======== DATA TO USE ========

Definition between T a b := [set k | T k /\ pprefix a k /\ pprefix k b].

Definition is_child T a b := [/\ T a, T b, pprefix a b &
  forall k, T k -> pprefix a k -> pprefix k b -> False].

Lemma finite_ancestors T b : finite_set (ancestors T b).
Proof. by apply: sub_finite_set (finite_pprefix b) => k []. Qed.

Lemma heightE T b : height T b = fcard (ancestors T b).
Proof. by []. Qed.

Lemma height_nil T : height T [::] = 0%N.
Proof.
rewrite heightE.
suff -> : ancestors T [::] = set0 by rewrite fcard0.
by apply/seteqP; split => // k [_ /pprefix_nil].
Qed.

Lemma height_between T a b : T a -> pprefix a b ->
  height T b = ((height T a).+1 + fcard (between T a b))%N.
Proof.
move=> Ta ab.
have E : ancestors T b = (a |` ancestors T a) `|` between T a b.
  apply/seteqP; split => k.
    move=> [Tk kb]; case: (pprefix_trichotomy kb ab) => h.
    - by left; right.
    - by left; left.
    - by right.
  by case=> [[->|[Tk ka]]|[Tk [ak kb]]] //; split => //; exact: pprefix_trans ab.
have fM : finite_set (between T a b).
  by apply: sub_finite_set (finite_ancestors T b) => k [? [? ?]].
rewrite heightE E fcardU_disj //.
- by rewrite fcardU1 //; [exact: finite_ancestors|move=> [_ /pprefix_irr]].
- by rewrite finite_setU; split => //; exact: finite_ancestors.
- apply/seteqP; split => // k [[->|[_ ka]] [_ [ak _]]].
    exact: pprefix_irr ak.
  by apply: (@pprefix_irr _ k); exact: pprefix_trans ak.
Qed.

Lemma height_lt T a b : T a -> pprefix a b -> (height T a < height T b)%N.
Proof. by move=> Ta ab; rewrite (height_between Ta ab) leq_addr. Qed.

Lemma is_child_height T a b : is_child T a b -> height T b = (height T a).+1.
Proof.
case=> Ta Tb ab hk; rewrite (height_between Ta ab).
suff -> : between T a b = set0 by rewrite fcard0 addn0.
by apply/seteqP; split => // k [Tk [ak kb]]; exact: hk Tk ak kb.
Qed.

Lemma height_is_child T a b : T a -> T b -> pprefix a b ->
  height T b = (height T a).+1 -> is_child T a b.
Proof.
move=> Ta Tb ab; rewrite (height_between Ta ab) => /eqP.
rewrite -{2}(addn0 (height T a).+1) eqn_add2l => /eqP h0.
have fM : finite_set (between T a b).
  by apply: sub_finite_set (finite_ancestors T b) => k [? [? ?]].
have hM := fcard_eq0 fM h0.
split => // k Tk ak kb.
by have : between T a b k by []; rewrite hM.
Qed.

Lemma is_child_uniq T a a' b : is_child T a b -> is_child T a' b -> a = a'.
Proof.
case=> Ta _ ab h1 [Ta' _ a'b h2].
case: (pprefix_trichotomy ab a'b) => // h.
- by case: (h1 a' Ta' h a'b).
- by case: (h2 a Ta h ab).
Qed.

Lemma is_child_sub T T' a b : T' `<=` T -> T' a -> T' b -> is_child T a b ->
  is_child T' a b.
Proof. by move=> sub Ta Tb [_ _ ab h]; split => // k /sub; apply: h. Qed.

========

- **TASK PROMPT**:
Nothing may be left out: return each entry exactly as it reads.

- **YOUR SOLUTION**:
Definition between T a b := [set k | T k /\ pprefix a k /\ pprefix k b].

Definition is_child T a b := [/\ T a, T b, pprefix a b &
  forall k, T k -> pprefix a k -> pprefix k b -> False].

Lemma finite_ancestors T b : finite_set (ancestors T b).
Proof. by apply: sub_finite_set (finite_pprefix b) => k []. Qed.

Lemma heightE T b : height T b = fcard (ancestors T b).
Proof. by []. Qed.

Lemma height_nil T : height T [::] = 0%N.
Proof.
rewrite heightE.
suff -> : ancestors T [::] = set0 by rewrite fcard0.
by apply/seteqP; split => // k [_ /pprefix_nil].
Qed.

Lemma height_between T a b : T a -> pprefix a b ->
  height T b = ((height T a).+1 + fcard (between T a b))%N.
Proof.
move=> Ta ab.
have E : ancestors T b = (a |` ancestors T a) `|` between T a b.
  apply/seteqP; split => k.
    move=> [Tk kb]; case: (pprefix_trichotomy kb ab) => h.
    - by left; right.
    - by left; left.
    - by right.
  by case=> [[->|[Tk ka]]|[Tk [ak kb]]] //; split => //; exact: pprefix_trans ab.
have fM : finite_set (between T a b).
  by apply: sub_finite_set (finite_ancestors T b) => k [? [? ?]].
rewrite heightE E fcardU_disj //.
- by rewrite fcardU1 //; [exact: finite_ancestors|move=> [_ /pprefix_irr]].
- by rewrite finite_setU; split => //; exact: finite_ancestors.
- apply/seteqP; split => // k [[->|[_ ka]] [_ [ak _]]].
    exact: pprefix_irr ak.
  by apply: (@pprefix_irr _ k); exact: pprefix_trans ak.
Qed.

Lemma height_lt T a b : T a -> pprefix a b -> (height T a < height T b)%N.
Proof. by move=> Ta ab; rewrite (height_between Ta ab) leq_addr. Qed.

Lemma is_child_height T a b : is_child T a b -> height T b = (height T a).+1.
Proof.
case=> Ta Tb ab hk; rewrite (height_between Ta ab).
suff -> : between T a b = set0 by rewrite fcard0 addn0.
by apply/seteqP; split => // k [Tk [ak kb]]; exact: hk Tk ak kb.
Qed.

Lemma height_is_child T a b : T a -> T b -> pprefix a b ->
  height T b = (height T a).+1 -> is_child T a b.
Proof.
move=> Ta Tb ab; rewrite (height_between Ta ab) => /eqP.
rewrite -{2}(addn0 (height T a).+1) eqn_add2l => /eqP h0.
have fM : finite_set (between T a b).
  by apply: sub_finite_set (finite_ancestors T b) => k [? [? ?]].
have hM := fcard_eq0 fM h0.
split => // k Tk ak kb.
by have : between T a b k by []; rewrite hM.
Qed.

Lemma is_child_uniq T a a' b : is_child T a b -> is_child T a' b -> a = a'.
Proof.
case=> Ta _ ab h1 [Ta' _ a'b h2].
case: (pprefix_trichotomy ab a'b) => // h.
- by case: (h1 a' Ta' h a'b).
- by case: (h2 a Ta h ab).
Qed.

Lemma is_child_sub T T' a b : T' `<=` T -> T' a -> T' b -> is_child T a b ->
  is_child T' a b.
Proof. by move=> sub Ta Tb [_ _ ab h]; split => // k /sub; apply: h. Qed.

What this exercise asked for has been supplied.